Segment Start: RECORDED DATA

Definition cube_weight : R := ((2 ^ d.+2 * n.+3 ^ d.+2)%N%:R)^-1.

Definition perturbed (s : R) : dmatrix R d.+2 n.+3 :=
  fun y => @scaledJ R d.+2 n.+3 y + s * cube_weight * E y.

Lemma cube_weight_gt0 : 0 < cube_weight.
Proof. by rewrite invr_gt0 ltr0n muln_gt0 !expn_gt0. Qed.

Lemma cube_weightE : cube_weight * (2 ^ d.+2 * n.+3)%N%:R = ((n.+3)%:R ^+ d.+1)^-1.
Proof.
rewrite /cube_weight [in LHS](expnS n.+3) mulnA natrM invfM mulrAC mulVf ?mul1r ?natrX //.
by rewrite pnatr_eq0 muln_eq0 negb_or expn_eq0.
Qed.

Definition cube_line x (c : {ffun 'I_d.+2 -> 'I_n.+3}) : dmatrix R d.+2 n.+3 :=
  line_mx R (fun k i => cube_perm k (x k) i + c k).

Definition cube_coef (s : R) x (c : {ffun 'I_d.+2 -> 'I_n.+3}) : R :=
  cube_weight * (1 + s * cube_sgn R x * (c == [ffun => 0])%:R).

Lemma cube_line_in_Lambda x c : in_Lambda (cube_line x c).
Proof. by apply: line_mx_in_Lambda => k i j /addIr /perm_inj. Qed.

Lemma cube_coef_ge0 (s : R) x c : `|s| <= 1 -> 0 <= cube_coef s x c.
Proof.
move=> s_le1; rewrite mulr_ge0 ?(ltW cube_weight_gt0) //; set t := _ * _%:R.
have : `|t| <= 1.
  rewrite !normrM normr_cube_sgn mulr1.
  by case: eqP; rewrite ?normr1 ?normr0 ?mulr1 ?mulr0.
by rewrite ler_norml => /andP [t_ge _]; lra.
Qed.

Segment End: RECORDED DATA

PROBLEM REQUIREMENTS -> Show, from the records above, every line that includes "Lemma".

TASK ANSWER ->
Lemma cube_weight_gt0 : 0 < cube_weight.
Lemma cube_weightE : cube_weight * (2 ^ d.+2 * n.+3)%N%:R = ((n.+3)%:R ^+ d.+1)^-1.
Lemma cube_line_in_Lambda x c : in_Lambda (cube_line x c).
Lemma cube_coef_ge0 (s : R) x c : `|s| <= 1 -> 0 <= cube_coef s x c.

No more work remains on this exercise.